LLM Inference Engines

Why this matters: The inference engine you pick determines your throughput, latency, hardware compatibility, and operational complexity. vLLM is the default for a reason — but it’s not always the best choice. This file compares the six major engines and when to pick each.

Prerequisites: ai-infra.md — vLLM startup, cold start anatomy, continuous batching, prefix caching. ml.md — model architectures, Transformer attention.


Overview

EngineMaintainerKey InnovationBest ForGPU Required
vLLM 1UC Berkeley / communityPagedAttention, continuous batchingProduction serving, broad model supportYes
SGLang 2Stanford / communityRadixAttention, structured generationLow-latency serving, structured outputsYes
TensorRT-LLM 3NVIDIAKernel fusion, inflight batchingMax throughput on NVIDIA hardwareNVIDIA only
TGI (Text Gen Inf.) 4HuggingFaceDeep HF integration, watermarkingQuick setup from HF HubYes
Ollama 5CommunityOne-command local serving, built-in model libraryLocal dev, demos, CPU+GPU hybridOptional (CPU works)
llama.cpp 6CommunityCPU-first, GGUF quantizationCPU inference, edge, laptopNo

vLLM

The current standard for production LLM serving. Its key innovation is PagedAttention — managing the KV cache in non-contiguous pages, similar to virtual memory in operating systems. This eliminates fragmentation and enables near-optimal memory utilization.

What it does well:

  • Broadest model support of any engine (500+ architectures via HF integration).
  • Continuous batching with iteration-level scheduling.
  • Automatic Prefix Caching (APC) for shared-prompt workloads.
  • Multi-GPU support (TP, PP, DP) with minimal config.
  • OpenAI-compatible API (/v1/chat/completions, /v1/embeddings).
  • GPU Memory Snapshots (Modal) for sub-30s cold starts.
  • Active development: releases every 2-3 weeks.

Where it falls short:

  • Python-based scheduling overhead — SGLang and TRT-LLM have lower scheduling latency.
  • No structured generation (constrained decoding) built-in — relies on outlines/lm-format-enforcer integrations.
  • Guided decoding (JSON mode, regex) is less mature than SGLang.
  • Memory overhead from Python runtime (~1-2 GiB).

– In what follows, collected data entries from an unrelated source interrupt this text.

Lemma nonneg_inf_exists (E : R -> Prop) : (exists r, E r) -> (forall r, E r -> 0 <= r) ->
  exists d, 0 <= d /\ (forall r, E r -> d <= r) /\
    (forall eps, 0 < eps -> exists r, E r /\ r < d + eps).
Proof.
  intros [r0 Er0] Hpos.
  destruct (completeness (fun r => E (- r))) as [L [Hub Hlub]].
  - exists 0. intros r Er. specialize (Hpos _ Er). lra.
  - exists (- r0). rewrite Ropp_involutive. exact Er0.
  - exists (- L). split; [|split].
    + assert (L <= 0); [|lra]. apply Hlub. intros r Er. specialize (Hpos _ Er). lra.
    + intros r Er. assert (- r <= L); [|lra]. apply Hub. rewrite Ropp_involutive. exact Er.
    + intros eps He. apply NNPP. intro Hno.
      assert (L <= L - eps); [|lra]. apply Hlub. intros r Er.
      apply Rnot_lt_le. intro. apply Hno. exists (- r). split; [exact Er | lra].
Qed.

Lemma lin_coef_eq0_of_quad_ge0 p w : 0 <= w -> (forall s, 0 <= - 2 * s * p + s * s * w) -> p = 0.
Proof.
  intros Hw H. set (k := / (w + 1)).
  assert (Hk : k * (w + 1) = 1) by (unfold k; field; lra).
  assert (Hk0 : 0 < k) by (unfold k; apply Rinv_0_lt_compat; lra).
  specialize (H (p * k)). assert (0 <= - p * p * k * (1 + k)) by nra. nra.
Qed.

Section Hilbert_space.
Variable X : Hilbert.

Lemma vadd_zero_l (x : X) : vadd vzero x = x.
Proof. rewrite vadd_comm; apply vadd_zero. Qed.

Lemma ip_zero_l (y : X) : ip vzero y = C0.
Proof.
  pose proof (ip_add_l X vzero vzero y) as H. rewrite vadd_zero in H.
  destruct (ip vzero y) as [a b]. cunf. injection H; intros. apply C_ext; simpl; lra.
Qed.

Lemma ip_opp_l (x y : X) : ip (vopp x) y = Copp (ip x y).
Proof.
  pose proof (ip_add_l X x (vopp x) y) as H. rewrite vadd_opp, ip_zero_l in H.
  apply C_ext; cunf; injection H; intros; lra.
Qed.

Lemma ip_add_r (x y z : X) : ip x (vadd y z) = Cadd (ip x y) (ip x z).
Proof. rewrite ip_conj_sym, ip_add_l, (ip_conj_sym X y x), (ip_conj_sym X z x). ceq. Qed.

Lemma ip_scal_r a (x y : X) : ip x (vscal a y) = Cmul (Cconj a) (ip x y).
Proof. rewrite ip_conj_sym, ip_scal_l, (ip_conj_sym X y x). ceq. Qed.

Lemma ip_opp_r (x y : X) : ip x (vopp y) = Copp (ip x y).
Proof. rewrite ip_conj_sym, ip_opp_l, (ip_conj_sym X y x). ceq. Qed.

Lemma ip_zero_r (y : X) : ip y vzero = C0.
Proof. rewrite ip_conj_sym, ip_zero_l. ceq. Qed.

Lemma ip_sub_l (x y z : X) : ip (vsub x y) z = Cadd (ip x z) (Copp (ip y z)).
Proof. unfold vsub. rewrite ip_add_l, ip_opp_l. reflexivity. Qed.

Lemma ip_sub_r (x y z : X) : ip z (vsub x y) = Cadd (ip z x) (Copp (ip z y)).
Proof. unfold vsub. rewrite ip_add_r, ip_opp_r. reflexivity. Qed.

Ltac ipexp := repeat rewrite ?ip_add_l, ?ip_add_r, ?ip_scal_l, ?ip_scal_r, ?ip_opp_l,
  ?ip_opp_r, ?ip_sub_l, ?ip_sub_r, ?ip_zero_l, ?ip_zero_r.

Lemma Re_ip_sym (x y : X) : Re (ip y x) = Re (ip x y).
Proof. rewrite ip_conj_sym; reflexivity. Qed.

Lemma Im_ip_sym (x y : X) : Im (ip y x) = - Im (ip x y).
Proof. rewrite ip_conj_sym; reflexivity. Qed.

Lemma vsub_eq0 (u v : X) : vsub u v = vzero -> u = v.
Proof.
  unfold vsub; intro H.
  rewrite <- (vadd_zero X u), <- (vadd_opp X v), (vadd_comm X v), vadd_assoc, H.
  apply vadd_zero_l.
Qed.

Lemma vector_ext (u v : X) : (forall w, ip u w = ip v w) -> u = v.
Proof. intro H. apply vsub_eq0, ip_definite. rewrite ip_sub_l, H. cunf. ring. Qed.

Ltac veq := apply vector_ext; let w := fresh "w" in intro w; ipexp; apply C_ext; cunf; field.

Definition sqnorm (x : X) : R := Re (ip x x).

Lemma sqnorm_ge0 (x : X) : 0 <= sqnorm x.
Proof. apply ip_pos_re. Qed.

Lemma norm_ge0 (x : X) : 0 <= norm x.
Proof. apply sqrt_pos. Qed.

Lemma norm_sqr (x : X) : norm x * norm x = sqnorm x.
Proof. apply sqrt_sqrt, sqnorm_ge0. Qed.

Lemma norm_eq0 (x : X) : norm x = 0 -> x = vzero.
Proof. intro H. apply ip_definite. fold (sqnorm x). rewrite <- norm_sqr, H. ring. Qed.

Lemma sqnorm_scal a (x : X) : sqnorm (vscal a x) = (Re a * Re a + Im a * Im a) * sqnorm x.
Proof. unfold sqnorm. ipexp. pose proof (ip_pos_im X x). cunf. rewrite H. ring. Qed.

Lemma norm_scal_Ci t (x : X) : norm (vscal (Ci t) x) = Rabs t * norm x.
Proof.
  unfold norm. fold (sqnorm (vscal (Ci t) x)) (sqnorm x). rewrite sqnorm_scal.
  cunf. rewrite sqrt_mult_alt by nra. rewrite Rmult_0_l, Rplus_0_l.
  fold (Rsqr t). rewrite sqrt_Rsqr_abs. reflexivity.
Qed.

Lemma norm_opp (x : X) : norm (vopp x) = norm x.
Proof. unfold norm. ipexp. cunf. f_equal. ring. Qed.

Lemma Re_ip_le_sqnorm (a b : X) e : 0 < e -> 2 * Re (ip a b) <= e * sqnorm a + / e * sqnorm b.
Proof.
  intro He. pose proof (sqnorm_ge0 (vsub (vscal (Cr e) a) b)) as H.
  unfold sqnorm in *. revert H. ipexp. pose proof (ip_pos_im X a).
  cunf. rewrite (Re_ip_sym a b), (Im_ip_sym a b). intro H1.
  apply (Rmult_le_reg_l e); [exact He|].
  replace (e * (e * Re (ip a a) + / e * Re (ip b b))) with (e * e * Re (ip a a) + Re (ip b b))
    by (field; lra).
  nra.
Qed.

Lemma Re_ip_le_norm (a b : X) : Re (ip a b) <= norm a * norm b.
Proof.
  pose proof (norm_ge0 a). pose proof (norm_ge0 b).
  destruct (Req_dec (norm a) 0) as [Ha|Ha].
  { rewrite Ha, (norm_eq0 a Ha), ip_zero_l. simpl. lra. }
  destruct (Req_dec (norm b) 0) as [Hb|Hb].
  { rewrite Hb, (norm_eq0 b Hb), ip_zero_r. simpl. lra. }
  pose proof (Re_ip_le_sqnorm a b (norm b / norm a) ltac:(apply Rdiv_lt_0_compat; lra)) as H1.
  rewrite <- !norm_sqr in H1.
  replace (norm b / norm a * (norm a * norm a) + / (norm b / norm a) * (norm b * norm b))
    with (2 * (norm a * norm b)) in H1 by (field; lra).
  lra.
Qed.

Lemma Rabs_Re_ip_le (a b : X) : Rabs (Re (ip a b)) <= norm a * norm b.
Proof.
  pose proof (Re_ip_le_norm (vopp a) b). rewrite norm_opp, ip_opp_l in H. cunf.
  pose proof (Re_ip_le_norm a b). apply Rabs_le. lra.
Qed.

Lemma norm_le_of_ip_add_eq0 (v z : X) : ip (vadd v z) v = C0 -> norm v <= norm z.
Proof.
  (* [|v|^2 = - Re <z, v> <= |z| |v|] *)
  intro E. pose proof (Re_ip_le_norm (vopp z) v) as CS. rewrite norm_opp in CS.
  revert CS. apply (f_equal Re) in E. revert E. ipexp. cunf.
  pose proof (norm_sqr v). pose proof (norm_ge0 v). pose proof (norm_ge0 z).
  unfold sqnorm in *. intros. nra.
Qed.

Lemma norm_triangle (a b : X) : norm (vadd a b) <= norm a + norm b.
Proof.
  pose proof (Re_ip_le_norm a b). pose proof (norm_ge0 a). pose proof (norm_ge0 b).
  pose proof (norm_ge0 (vadd a b)).
  assert (sqnorm (vadd a b) <= (norm a + norm b) * (norm a + norm b)).
  { unfold sqnorm at 1. ipexp. cunf. rewrite (Re_ip_sym a b).
    fold (sqnorm a) (sqnorm b). rewrite <- !norm_sqr. nra. }
  rewrite <- norm_sqr in H3. nra.
Qed.

Lemma norm_sub_sym (a b : X) : norm (vsub a b) = norm (vsub b a).
Proof. unfold norm. ipexp. cunf. f_equal. ring. Qed.

Lemma parallelogram (a b : X) :
  sqnorm (vadd a b) + sqnorm (vsub a b) = 2 * sqnorm a + 2 * sqnorm b.
Proof. unfold sqnorm. ipexp. cunf. ring. Qed.

Lemma inv_INR_succ_bounds n : 0 < / (INR n + 1) <= 1.
Proof.
  pose proof (pos_INR n). split.
  - apply Rinv_0_lt_compat. lra.
  - rewrite <- Rinv_1. apply Rinv_le_contravar; lra.
Qed.

Definition converges (u : nat -> X) (l : X) : Prop :=
  forall eps, eps > 0 -> exists N, forall n, (n >= N)%nat -> norm (vsub (u n) l) < eps.

Definition cauchy_seq (u : nat -> X) : Prop :=
  forall eps, eps > 0 -> exists N, forall n k, (n >= N)%nat -> (k >= N)%nat ->
    norm (vsub (u n) (u k)) < eps.

Lemma cauchy_seq_converges (u : nat -> X) : cauchy_seq u -> exists l, converges u l.
Proof. exact (complete X u). Qed.

Lemma converges_cauchy_seq (u : nat -> X) l : converges u l -> cauchy_seq u.
Proof.
  intros Hu eps He. destruct (Hu (eps / 2)) as [N HN]; [lra|]. exists N. intros n k Hn Hk.
  replace (vsub (u n) (u k)) with (vadd (vsub (u n) l) (vsub l (u k))) by veq.
  pose proof (norm_triangle (vsub (u n) l) (vsub l (u k))) as Htri.
  rewrite (norm_sub_sym l) in Htri. pose proof (HN n Hn). pose proof (HN k Hk). lra.
Qed.

Lemma norm2_le (x f : X) : norm2 X x f <= norm x + norm f.
Proof.
  pose proof (norm_ge0 x). pose proof (norm_ge0 f).
  unfold norm2. fold (sqnorm x) (sqnorm f). rewrite <- !norm_sqr.
  rewrite <- (sqrt_square (norm x + norm f)) by lra. apply sqrt_le_1_alt. nra.
Qed.

Lemma closed_rel_limit (T : rel X) (u v : nat -> X) x f : closed_rel X T ->
  (forall n, T (u n) (v n)) -> converges u x -> converges v f -> T x f.
Proof.
  intros HT Huv Hu Hv. apply (HT u v x f Huv). intros eps He.
  destruct (Hu (eps / 2)) as [N1 H1]; [lra|]. destruct (Hv (eps / 2)) as [N2 H2]; [lra|].
  exists (max N1 N2). intros n Hn. eapply Rle_lt_trans; [apply norm2_le|].
  specialize (H1 n ltac:(lia)). specialize (H2 n ltac:(lia)). lra.
Qed.

Section Minimizing_sequence.
Variable M : X -> Prop.
Hypothesis M_add : forall a b, M a -> M b -> M (vadd a b).
Hypothesis M_scal : forall c a, M a -> M (vscal c a).
Variables (y : X) (d : R) (m : nat -> X).
Hypothesis d_ge0 : 0 <= d.
Hypothesis d_lb : forall h, M h -> d <= norm (vsub y h).
Hypothesis m_in : forall n, M (m n).
Hypothesis m_approx : forall n, norm (vsub y (m n)) < d + / (INR n + 1).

See ai-infra.md for deep-dive coverage of vLLM startup, cold starts, and configuration.


SGLang

Stanford’s Structured Generation Language. Built on many of the same ideas as vLLM (PagedAttention, continuous batching) but with a faster scheduler, built-in structured generation, and a domain-specific language for composing LLM calls.

What it does well:

  • RadixAttention: a tree-based prefix cache that handles branching prefixes (different completions from the same prompt) — more general than vLLM’s linear prefix cache. Critical for multi-turn chat trees and best-of-N sampling.
  • Structured generation: first-class support for JSON, regex, grammar-constrained decoding. Faster than vLLM + outlines for constrained generation.
  • Lower scheduling latency: C++ scheduler yields 5-15% lower latency than vLLM at high concurrency.
  • SGLang DSL: compose multi-call LLM workflows (chain calls, parallel calls, branching) as Python programs that are optimized by the runtime.

Where it falls short:

  • Smaller model support library than vLLM (catches up quickly but lags by months).
  • Less documentation and community than vLLM.
  • Newer project — fewer production war stories, less battle-tested edge case handling.
  • Modal integration less mature than vLLM.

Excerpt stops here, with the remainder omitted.